What is expected:
Give back only the lines in the records below from the one with "exists ((u *" to the one with "Hypothesis g_irr : irreducible_poly", both inclusive, word for word.

(Stored data)

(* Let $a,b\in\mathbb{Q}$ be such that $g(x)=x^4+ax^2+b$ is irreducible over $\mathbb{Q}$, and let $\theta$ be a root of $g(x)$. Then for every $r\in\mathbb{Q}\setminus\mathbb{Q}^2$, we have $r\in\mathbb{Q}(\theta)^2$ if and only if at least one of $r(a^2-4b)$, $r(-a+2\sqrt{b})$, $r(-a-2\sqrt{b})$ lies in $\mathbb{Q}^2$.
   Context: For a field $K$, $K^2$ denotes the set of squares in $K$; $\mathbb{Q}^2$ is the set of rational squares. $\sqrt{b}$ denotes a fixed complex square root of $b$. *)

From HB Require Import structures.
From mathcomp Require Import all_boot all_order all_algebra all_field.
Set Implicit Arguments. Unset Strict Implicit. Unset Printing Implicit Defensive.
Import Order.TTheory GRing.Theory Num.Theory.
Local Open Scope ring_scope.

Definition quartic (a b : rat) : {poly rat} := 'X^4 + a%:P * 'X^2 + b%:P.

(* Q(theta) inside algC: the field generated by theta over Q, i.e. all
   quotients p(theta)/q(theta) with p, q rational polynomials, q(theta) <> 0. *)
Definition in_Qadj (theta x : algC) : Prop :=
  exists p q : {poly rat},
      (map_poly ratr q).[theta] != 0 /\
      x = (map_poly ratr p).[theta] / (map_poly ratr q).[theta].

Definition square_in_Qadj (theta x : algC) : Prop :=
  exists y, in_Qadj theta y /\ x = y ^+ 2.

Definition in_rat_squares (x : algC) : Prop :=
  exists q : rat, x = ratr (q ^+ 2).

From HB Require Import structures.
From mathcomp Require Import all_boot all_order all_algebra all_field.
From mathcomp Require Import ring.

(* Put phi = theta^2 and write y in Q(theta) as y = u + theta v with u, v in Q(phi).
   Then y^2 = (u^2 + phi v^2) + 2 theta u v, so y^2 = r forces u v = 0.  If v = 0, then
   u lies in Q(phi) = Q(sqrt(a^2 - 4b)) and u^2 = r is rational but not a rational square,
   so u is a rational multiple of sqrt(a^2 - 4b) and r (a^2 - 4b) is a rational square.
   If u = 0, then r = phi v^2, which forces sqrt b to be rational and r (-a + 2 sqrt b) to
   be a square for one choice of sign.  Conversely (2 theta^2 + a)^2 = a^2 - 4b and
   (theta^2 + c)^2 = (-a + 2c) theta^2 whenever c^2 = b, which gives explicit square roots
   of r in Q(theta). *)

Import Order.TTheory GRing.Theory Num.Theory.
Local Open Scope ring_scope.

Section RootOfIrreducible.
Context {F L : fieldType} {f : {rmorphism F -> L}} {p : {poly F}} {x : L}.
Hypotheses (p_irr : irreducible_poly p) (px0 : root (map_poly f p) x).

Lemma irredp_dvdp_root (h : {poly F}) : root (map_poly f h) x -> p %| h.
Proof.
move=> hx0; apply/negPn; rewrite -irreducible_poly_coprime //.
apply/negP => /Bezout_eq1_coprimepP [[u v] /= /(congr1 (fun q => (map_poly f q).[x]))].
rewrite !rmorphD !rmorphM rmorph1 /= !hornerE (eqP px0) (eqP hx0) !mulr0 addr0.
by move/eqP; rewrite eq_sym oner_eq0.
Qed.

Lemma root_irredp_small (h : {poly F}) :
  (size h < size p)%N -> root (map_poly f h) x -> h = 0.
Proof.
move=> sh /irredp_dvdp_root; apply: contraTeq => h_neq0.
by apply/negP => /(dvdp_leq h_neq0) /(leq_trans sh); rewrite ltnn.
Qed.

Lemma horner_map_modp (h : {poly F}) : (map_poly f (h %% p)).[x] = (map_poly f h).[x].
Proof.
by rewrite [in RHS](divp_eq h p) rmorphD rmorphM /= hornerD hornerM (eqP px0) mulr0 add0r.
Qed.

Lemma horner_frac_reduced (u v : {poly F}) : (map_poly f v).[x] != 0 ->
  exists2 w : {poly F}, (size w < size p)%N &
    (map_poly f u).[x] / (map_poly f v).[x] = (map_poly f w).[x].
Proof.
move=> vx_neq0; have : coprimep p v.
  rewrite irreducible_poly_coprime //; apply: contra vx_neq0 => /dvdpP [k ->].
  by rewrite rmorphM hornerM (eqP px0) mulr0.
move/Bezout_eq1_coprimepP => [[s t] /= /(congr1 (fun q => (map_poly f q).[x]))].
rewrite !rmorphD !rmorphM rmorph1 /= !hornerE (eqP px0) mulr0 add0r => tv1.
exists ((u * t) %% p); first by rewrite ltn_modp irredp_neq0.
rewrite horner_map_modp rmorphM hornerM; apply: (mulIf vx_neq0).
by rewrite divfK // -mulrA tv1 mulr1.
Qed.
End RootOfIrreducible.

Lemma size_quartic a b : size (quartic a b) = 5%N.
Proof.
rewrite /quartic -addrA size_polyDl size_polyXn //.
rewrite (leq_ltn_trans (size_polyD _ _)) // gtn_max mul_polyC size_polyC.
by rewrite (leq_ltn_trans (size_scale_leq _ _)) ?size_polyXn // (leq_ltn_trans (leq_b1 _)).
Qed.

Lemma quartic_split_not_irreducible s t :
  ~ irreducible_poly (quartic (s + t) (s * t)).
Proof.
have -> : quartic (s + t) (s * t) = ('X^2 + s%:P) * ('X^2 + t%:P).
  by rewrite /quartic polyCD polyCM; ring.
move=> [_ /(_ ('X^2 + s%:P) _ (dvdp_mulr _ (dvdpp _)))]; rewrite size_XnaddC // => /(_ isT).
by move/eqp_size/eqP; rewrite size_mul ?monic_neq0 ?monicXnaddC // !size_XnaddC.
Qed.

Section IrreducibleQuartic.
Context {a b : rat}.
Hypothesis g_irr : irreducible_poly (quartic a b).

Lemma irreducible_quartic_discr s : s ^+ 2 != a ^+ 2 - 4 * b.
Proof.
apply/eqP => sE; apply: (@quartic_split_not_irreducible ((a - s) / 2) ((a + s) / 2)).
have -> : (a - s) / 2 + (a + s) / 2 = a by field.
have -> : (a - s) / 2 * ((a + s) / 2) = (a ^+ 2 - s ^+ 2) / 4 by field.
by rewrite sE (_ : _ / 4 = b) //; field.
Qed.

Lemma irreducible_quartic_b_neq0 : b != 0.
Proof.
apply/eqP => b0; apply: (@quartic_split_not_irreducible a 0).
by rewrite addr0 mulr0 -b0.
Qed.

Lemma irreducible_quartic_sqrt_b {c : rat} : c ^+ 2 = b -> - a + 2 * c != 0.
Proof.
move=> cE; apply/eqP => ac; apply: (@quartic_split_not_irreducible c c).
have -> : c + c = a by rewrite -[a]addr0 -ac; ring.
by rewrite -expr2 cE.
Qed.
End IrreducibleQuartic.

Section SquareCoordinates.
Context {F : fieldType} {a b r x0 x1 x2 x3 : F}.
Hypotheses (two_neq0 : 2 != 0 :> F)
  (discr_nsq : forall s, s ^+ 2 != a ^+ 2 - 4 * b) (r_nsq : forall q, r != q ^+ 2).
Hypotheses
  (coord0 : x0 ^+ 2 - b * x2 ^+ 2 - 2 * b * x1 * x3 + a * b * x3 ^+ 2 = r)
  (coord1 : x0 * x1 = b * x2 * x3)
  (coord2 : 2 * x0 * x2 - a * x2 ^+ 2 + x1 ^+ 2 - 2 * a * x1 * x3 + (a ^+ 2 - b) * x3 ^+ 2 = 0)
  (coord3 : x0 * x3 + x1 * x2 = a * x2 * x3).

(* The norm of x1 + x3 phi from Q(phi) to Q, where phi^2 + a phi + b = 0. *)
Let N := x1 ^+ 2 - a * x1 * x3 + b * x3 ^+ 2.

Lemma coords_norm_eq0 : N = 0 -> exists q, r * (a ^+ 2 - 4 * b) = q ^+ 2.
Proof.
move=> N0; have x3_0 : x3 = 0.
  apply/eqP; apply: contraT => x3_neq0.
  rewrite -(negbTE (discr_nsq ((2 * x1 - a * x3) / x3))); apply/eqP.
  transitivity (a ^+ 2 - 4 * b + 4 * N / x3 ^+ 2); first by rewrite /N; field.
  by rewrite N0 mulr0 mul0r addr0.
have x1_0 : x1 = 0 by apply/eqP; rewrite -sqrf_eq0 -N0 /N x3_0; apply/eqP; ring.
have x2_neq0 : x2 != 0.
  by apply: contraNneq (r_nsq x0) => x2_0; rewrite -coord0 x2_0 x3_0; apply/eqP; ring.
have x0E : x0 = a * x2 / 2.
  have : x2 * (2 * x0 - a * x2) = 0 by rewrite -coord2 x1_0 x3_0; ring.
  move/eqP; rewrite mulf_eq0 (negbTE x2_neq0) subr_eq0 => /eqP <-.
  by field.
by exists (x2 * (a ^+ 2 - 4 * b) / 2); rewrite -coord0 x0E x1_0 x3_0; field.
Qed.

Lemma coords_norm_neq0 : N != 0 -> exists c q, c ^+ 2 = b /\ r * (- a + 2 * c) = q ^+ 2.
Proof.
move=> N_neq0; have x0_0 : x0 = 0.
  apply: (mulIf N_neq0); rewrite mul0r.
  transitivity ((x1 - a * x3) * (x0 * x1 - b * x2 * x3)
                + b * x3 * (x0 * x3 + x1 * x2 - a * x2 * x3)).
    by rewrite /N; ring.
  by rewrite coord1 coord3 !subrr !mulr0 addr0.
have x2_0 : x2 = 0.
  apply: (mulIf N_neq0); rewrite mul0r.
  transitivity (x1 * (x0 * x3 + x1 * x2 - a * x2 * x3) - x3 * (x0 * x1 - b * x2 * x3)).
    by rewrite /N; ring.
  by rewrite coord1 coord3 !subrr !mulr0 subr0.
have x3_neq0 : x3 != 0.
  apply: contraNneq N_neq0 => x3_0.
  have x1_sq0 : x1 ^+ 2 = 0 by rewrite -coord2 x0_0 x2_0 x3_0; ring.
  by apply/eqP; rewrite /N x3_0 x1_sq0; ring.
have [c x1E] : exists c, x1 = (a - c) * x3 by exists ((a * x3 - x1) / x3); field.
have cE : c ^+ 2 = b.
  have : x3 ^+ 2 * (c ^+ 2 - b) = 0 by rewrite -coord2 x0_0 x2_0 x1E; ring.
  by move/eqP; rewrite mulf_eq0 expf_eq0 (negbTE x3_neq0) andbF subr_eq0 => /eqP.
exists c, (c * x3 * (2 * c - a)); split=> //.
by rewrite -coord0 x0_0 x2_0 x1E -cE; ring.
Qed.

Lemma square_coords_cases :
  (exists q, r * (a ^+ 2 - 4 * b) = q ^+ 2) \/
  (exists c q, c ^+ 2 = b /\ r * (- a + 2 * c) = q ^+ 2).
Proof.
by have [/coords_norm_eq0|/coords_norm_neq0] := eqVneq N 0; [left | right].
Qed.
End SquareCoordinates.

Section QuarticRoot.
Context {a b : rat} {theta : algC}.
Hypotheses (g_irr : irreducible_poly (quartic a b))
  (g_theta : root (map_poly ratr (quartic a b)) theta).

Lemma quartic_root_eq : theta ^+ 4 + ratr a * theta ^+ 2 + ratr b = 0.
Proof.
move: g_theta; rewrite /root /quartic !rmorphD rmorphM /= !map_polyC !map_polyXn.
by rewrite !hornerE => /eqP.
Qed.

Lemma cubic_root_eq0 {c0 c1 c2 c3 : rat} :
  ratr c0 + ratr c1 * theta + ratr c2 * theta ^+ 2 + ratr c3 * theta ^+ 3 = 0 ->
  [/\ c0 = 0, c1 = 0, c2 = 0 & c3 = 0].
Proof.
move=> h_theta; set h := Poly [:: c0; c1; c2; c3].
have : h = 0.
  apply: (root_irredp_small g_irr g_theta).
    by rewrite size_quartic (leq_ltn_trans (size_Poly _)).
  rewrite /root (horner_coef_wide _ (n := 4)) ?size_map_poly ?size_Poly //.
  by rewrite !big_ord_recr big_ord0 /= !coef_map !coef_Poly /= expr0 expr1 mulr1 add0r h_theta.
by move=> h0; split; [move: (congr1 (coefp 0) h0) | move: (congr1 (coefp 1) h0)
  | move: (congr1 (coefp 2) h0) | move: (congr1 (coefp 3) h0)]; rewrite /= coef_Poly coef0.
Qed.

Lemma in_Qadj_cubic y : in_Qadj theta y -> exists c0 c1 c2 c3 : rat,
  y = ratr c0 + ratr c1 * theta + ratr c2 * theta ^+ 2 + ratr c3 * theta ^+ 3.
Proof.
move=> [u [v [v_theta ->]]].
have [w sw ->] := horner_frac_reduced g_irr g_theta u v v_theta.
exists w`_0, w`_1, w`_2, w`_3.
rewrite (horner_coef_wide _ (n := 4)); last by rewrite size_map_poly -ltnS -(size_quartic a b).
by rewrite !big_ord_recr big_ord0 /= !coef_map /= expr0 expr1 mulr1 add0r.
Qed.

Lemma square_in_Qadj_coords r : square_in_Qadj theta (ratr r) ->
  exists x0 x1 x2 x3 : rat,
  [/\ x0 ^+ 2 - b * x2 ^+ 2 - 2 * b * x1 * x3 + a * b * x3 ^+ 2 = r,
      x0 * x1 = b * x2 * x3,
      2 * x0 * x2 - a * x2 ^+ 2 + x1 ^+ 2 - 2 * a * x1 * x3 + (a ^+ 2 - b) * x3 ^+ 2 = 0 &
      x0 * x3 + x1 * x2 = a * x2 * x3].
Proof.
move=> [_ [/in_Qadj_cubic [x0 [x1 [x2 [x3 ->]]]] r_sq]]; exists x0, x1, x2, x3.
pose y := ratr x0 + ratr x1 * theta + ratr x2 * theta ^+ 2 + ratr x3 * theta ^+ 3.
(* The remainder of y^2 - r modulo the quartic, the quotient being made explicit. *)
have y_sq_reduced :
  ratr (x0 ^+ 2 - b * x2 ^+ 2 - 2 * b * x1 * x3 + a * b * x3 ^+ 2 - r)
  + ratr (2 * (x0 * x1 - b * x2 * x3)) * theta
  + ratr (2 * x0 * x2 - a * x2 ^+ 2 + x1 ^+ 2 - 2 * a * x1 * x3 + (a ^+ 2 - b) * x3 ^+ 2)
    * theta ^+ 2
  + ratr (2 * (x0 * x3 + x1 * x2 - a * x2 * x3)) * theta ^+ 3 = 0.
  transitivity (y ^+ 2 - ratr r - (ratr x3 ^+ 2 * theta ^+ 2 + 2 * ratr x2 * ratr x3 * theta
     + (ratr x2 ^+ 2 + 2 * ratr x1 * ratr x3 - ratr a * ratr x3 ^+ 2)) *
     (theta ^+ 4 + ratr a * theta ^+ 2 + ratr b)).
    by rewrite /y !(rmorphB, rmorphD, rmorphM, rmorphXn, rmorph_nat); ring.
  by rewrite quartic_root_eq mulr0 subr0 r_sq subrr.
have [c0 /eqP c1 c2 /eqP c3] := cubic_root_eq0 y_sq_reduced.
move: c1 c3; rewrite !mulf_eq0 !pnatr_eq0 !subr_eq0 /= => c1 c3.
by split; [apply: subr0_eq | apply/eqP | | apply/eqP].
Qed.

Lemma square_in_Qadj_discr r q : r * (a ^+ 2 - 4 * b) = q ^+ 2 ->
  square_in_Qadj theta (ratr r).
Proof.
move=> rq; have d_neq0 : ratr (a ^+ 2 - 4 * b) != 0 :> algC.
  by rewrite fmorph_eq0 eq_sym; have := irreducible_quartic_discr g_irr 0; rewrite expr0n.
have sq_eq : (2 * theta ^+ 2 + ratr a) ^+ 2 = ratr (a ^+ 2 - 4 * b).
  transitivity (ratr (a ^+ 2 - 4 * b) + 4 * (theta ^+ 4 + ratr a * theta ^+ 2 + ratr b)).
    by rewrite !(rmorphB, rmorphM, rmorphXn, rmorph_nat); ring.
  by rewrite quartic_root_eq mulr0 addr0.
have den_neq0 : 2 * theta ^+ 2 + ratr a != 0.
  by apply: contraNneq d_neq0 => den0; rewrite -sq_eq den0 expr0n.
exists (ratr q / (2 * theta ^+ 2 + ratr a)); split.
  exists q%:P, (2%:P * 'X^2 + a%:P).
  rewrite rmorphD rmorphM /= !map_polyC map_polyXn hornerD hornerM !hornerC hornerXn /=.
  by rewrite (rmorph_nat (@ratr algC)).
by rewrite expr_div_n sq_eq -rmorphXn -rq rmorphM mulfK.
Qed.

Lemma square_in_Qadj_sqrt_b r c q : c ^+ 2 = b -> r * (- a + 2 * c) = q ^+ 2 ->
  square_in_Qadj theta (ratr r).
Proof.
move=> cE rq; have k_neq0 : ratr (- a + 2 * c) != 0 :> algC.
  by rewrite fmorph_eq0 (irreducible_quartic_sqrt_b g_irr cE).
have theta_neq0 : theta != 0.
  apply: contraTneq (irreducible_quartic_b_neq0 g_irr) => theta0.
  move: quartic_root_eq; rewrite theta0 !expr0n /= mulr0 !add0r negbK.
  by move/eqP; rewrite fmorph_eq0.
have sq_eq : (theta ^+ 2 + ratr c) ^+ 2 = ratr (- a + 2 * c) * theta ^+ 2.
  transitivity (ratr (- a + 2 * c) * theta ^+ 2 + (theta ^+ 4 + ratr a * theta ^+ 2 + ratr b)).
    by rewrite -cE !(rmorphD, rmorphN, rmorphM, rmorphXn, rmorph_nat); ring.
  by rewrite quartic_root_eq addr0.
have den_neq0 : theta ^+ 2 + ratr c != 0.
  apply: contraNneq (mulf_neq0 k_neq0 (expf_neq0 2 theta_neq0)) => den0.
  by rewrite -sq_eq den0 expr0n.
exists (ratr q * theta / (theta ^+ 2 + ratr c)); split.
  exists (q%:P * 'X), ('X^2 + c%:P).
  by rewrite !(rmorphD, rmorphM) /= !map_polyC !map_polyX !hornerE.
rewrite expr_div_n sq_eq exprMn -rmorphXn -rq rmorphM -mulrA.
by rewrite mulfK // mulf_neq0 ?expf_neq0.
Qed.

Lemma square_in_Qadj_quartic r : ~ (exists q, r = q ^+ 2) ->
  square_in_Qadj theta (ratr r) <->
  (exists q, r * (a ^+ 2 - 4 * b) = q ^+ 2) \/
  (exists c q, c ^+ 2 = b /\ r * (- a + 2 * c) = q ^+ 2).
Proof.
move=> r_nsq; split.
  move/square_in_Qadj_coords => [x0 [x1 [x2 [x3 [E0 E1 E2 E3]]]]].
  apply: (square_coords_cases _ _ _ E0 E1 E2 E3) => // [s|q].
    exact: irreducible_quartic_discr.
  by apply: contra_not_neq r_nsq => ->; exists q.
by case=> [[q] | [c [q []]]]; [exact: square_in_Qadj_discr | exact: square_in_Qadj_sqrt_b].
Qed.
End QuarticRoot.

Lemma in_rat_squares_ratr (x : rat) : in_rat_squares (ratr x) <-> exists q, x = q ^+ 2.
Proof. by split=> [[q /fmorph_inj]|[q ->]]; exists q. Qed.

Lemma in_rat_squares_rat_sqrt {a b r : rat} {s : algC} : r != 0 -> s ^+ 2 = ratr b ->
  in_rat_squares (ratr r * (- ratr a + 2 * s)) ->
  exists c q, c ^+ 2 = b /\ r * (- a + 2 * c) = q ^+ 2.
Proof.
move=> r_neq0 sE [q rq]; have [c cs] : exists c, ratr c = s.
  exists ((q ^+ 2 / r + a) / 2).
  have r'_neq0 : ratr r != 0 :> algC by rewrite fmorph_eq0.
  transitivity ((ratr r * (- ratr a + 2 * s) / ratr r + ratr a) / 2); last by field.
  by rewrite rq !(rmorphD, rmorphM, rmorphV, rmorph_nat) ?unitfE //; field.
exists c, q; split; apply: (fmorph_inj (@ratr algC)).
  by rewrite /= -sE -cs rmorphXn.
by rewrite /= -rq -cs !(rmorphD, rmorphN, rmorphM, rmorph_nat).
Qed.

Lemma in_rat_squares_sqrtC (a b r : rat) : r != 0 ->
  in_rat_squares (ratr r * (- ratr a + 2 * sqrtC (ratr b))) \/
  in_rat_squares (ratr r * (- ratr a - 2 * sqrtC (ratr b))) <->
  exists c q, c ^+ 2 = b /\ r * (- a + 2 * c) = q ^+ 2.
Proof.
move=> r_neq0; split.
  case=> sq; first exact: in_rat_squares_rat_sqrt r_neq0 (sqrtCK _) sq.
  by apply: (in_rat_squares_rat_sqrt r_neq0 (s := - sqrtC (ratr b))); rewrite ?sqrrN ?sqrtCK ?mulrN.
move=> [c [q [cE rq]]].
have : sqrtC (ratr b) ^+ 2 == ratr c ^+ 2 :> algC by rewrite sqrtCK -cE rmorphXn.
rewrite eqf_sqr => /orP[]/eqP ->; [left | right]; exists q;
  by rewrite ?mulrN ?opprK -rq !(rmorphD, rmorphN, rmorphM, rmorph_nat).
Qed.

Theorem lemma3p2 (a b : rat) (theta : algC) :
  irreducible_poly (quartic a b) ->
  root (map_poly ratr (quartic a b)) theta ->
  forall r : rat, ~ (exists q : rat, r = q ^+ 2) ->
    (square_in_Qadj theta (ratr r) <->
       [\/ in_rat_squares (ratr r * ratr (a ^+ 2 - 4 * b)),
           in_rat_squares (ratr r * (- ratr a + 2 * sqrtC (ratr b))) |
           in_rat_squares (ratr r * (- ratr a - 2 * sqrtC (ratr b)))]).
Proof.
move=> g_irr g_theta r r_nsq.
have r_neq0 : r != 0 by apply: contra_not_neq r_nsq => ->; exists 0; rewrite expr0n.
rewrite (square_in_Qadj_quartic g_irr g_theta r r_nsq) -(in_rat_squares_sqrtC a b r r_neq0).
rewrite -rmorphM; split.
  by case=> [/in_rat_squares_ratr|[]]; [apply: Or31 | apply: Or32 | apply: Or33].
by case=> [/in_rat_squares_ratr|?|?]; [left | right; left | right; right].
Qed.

The completed task:
exists ((u * t) %% p); first by rewrite ltn_modp irredp_neq0.
rewrite horner_map_modp rmorphM hornerM; apply: (mulIf vx_neq0).
by rewrite divfK // -mulrA tv1 mulr1.
Qed.
End RootOfIrreducible.

Lemma size_quartic a b : size (quartic a b) = 5%N.
Proof.
rewrite /quartic -addrA size_polyDl size_polyXn //.
rewrite (leq_ltn_trans (size_polyD _ _)) // gtn_max mul_polyC size_polyC.
by rewrite (leq_ltn_trans (size_scale_leq _ _)) ?size_polyXn // (leq_ltn_trans (leq_b1 _)).
Qed.

Lemma quartic_split_not_irreducible s t :
  ~ irreducible_poly (quartic (s + t) (s * t)).
Proof.
have -> : quartic (s + t) (s * t) = ('X^2 + s%:P) * ('X^2 + t%:P).
  by rewrite /quartic polyCD polyCM; ring.
move=> [_ /(_ ('X^2 + s%:P) _ (dvdp_mulr _ (dvdpp _)))]; rewrite size_XnaddC // => /(_ isT).
by move/eqp_size/eqP; rewrite size_mul ?monic_neq0 ?monicXnaddC // !size_XnaddC.
Qed.

Section IrreducibleQuartic.
Context {a b : rat}.
Hypothesis g_irr : irreducible_poly (quartic a b).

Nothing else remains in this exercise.